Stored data
--- START ---
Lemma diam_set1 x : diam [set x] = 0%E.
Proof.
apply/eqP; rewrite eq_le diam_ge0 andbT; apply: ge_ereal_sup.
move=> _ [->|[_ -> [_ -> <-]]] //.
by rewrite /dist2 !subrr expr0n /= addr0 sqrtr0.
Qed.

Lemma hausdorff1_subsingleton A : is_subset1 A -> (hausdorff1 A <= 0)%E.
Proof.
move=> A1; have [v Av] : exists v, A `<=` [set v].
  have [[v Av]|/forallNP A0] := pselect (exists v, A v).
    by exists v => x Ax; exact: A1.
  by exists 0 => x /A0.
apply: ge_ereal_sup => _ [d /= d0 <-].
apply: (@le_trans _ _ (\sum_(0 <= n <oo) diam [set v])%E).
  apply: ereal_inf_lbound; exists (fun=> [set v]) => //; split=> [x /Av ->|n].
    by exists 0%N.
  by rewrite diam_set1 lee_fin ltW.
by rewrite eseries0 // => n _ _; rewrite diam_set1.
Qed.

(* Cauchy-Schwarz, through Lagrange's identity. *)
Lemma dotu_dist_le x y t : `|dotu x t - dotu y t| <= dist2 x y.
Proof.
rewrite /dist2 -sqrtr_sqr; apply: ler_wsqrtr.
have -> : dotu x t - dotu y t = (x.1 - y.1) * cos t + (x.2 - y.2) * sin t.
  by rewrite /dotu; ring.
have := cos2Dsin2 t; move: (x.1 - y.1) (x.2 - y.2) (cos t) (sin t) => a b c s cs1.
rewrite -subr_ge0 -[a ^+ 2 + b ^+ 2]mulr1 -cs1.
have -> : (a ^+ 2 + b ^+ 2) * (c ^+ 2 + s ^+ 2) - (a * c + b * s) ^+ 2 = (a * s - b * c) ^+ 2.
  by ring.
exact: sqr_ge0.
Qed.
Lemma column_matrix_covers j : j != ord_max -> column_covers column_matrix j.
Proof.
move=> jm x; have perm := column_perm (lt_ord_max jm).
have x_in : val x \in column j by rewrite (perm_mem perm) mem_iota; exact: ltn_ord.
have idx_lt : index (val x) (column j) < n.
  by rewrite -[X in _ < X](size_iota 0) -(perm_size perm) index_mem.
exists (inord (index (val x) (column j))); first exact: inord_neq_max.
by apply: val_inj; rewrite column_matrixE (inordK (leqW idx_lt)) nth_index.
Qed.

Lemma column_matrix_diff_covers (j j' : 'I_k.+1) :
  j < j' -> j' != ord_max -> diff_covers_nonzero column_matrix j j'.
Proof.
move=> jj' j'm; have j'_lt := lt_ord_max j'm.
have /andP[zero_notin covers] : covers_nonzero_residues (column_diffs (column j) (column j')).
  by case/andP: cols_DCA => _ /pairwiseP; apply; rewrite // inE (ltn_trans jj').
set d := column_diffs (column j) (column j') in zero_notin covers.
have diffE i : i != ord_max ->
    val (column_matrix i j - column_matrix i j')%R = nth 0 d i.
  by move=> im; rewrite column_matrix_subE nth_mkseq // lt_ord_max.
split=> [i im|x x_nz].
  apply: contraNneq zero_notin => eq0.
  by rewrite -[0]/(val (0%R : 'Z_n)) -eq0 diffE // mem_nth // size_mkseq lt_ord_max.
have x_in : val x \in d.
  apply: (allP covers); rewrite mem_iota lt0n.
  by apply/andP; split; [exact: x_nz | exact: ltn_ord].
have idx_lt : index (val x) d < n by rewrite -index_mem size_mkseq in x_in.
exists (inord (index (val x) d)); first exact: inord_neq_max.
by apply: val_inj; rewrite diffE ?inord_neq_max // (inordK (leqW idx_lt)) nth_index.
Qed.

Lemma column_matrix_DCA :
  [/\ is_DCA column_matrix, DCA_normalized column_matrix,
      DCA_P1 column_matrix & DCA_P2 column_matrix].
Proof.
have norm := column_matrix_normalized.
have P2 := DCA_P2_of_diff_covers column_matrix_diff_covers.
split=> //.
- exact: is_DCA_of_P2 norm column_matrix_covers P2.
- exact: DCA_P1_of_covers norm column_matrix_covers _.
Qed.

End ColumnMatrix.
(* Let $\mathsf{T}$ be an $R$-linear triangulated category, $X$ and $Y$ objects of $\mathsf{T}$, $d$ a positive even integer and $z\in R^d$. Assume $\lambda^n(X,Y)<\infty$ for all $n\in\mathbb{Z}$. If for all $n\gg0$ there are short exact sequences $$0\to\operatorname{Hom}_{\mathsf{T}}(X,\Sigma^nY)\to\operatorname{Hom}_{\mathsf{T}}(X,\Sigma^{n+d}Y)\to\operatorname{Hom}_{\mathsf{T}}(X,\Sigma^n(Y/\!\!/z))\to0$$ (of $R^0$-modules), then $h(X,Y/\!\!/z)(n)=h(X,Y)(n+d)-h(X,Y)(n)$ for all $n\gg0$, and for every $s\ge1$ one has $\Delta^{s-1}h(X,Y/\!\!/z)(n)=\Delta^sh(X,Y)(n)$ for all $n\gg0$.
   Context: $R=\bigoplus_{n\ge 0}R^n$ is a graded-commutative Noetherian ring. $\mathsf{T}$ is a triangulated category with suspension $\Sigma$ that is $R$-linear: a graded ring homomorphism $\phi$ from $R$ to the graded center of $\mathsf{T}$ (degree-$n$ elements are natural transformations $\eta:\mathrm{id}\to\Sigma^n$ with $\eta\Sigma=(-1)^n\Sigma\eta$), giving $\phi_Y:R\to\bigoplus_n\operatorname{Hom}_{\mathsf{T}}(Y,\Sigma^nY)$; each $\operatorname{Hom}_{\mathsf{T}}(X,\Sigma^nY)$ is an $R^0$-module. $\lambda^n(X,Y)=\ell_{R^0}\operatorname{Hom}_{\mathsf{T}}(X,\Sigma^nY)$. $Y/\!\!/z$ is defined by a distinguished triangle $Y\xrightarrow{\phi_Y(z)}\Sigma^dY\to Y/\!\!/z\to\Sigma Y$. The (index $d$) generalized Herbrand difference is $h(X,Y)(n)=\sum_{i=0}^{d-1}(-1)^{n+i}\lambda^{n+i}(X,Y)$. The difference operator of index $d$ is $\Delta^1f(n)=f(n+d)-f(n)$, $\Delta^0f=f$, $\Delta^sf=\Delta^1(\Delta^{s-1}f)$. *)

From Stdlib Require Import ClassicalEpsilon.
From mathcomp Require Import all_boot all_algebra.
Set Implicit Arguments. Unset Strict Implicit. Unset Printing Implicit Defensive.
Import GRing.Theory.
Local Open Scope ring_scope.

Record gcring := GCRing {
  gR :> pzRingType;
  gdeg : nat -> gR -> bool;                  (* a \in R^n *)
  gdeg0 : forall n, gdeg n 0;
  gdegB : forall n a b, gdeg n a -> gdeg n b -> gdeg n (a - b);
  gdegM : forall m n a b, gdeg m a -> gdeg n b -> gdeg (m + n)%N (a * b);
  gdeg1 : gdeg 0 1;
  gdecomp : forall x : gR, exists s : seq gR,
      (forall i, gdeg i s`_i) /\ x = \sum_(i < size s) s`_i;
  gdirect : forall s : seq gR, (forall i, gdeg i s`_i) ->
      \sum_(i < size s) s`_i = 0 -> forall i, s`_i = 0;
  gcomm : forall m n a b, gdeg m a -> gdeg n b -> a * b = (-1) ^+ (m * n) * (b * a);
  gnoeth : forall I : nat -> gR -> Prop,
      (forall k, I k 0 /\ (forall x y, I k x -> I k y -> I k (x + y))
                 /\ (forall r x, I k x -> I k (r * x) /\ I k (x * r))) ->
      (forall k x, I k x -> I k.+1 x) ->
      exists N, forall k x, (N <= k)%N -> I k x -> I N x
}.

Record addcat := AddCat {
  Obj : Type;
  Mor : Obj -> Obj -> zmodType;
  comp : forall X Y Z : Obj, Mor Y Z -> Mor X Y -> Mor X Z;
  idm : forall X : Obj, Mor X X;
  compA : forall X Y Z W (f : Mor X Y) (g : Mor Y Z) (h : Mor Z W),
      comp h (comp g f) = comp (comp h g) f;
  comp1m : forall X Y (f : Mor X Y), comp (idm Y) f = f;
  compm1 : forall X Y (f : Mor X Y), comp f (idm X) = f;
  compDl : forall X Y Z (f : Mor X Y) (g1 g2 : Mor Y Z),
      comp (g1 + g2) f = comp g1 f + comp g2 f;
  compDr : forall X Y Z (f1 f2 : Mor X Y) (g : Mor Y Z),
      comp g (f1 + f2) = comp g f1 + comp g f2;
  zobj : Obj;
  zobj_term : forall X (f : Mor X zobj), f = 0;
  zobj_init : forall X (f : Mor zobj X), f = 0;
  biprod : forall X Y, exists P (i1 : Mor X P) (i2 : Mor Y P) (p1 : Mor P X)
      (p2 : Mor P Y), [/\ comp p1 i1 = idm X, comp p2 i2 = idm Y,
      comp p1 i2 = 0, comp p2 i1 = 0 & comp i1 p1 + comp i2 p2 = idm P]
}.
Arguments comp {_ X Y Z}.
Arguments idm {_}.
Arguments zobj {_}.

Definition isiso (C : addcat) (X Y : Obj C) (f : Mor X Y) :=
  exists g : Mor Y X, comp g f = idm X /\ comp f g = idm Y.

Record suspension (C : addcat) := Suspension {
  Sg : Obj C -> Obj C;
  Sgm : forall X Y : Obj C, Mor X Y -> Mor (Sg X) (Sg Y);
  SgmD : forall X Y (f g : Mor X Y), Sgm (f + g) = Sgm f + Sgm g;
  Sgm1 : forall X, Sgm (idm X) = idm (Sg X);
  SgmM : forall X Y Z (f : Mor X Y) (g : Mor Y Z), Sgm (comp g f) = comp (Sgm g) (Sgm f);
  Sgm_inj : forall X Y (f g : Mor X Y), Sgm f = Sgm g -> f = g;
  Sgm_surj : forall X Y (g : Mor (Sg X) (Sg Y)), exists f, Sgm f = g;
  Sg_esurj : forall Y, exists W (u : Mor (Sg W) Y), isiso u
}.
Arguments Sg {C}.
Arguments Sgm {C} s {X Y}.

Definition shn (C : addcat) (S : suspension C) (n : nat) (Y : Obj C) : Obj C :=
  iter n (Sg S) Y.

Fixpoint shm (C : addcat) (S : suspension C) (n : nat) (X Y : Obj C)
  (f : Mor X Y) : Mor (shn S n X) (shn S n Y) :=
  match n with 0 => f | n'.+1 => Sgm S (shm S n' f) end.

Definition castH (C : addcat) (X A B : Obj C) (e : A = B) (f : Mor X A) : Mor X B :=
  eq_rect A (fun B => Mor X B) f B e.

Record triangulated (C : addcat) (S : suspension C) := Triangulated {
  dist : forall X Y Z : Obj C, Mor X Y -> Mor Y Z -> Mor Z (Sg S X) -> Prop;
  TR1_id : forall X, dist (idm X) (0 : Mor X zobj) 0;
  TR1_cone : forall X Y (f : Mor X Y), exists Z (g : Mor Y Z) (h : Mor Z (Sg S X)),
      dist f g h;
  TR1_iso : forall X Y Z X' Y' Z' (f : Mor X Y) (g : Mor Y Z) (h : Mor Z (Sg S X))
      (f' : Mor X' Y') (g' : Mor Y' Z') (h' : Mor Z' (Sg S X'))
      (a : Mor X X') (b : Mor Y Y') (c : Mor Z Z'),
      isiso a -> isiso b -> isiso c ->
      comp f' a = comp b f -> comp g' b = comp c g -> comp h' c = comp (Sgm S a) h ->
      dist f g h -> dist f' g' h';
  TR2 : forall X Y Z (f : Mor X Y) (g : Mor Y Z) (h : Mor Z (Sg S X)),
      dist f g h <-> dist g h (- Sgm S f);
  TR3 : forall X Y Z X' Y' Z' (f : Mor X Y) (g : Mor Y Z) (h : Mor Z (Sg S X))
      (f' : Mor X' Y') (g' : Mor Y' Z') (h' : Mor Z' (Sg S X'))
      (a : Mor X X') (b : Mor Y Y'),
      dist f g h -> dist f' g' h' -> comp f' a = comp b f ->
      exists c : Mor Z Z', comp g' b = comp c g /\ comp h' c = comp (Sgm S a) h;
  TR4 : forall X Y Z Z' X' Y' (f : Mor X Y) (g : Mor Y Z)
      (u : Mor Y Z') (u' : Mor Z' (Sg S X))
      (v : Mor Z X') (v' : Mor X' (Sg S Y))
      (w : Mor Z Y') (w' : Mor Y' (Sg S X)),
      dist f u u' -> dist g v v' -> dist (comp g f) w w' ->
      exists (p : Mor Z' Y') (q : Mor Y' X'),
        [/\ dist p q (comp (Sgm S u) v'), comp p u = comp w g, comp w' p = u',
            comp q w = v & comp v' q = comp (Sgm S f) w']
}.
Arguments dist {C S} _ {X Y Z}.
--- END ---
» Aim of the exercise:
Go through the data and show every line where "Record" occurs.

» Expected output:
Record gcring := GCRing {
Record addcat := AddCat {
Record suspension (C : addcat) := Suspension {
Record triangulated (C : addcat) (S : suspension C) := Triangulated {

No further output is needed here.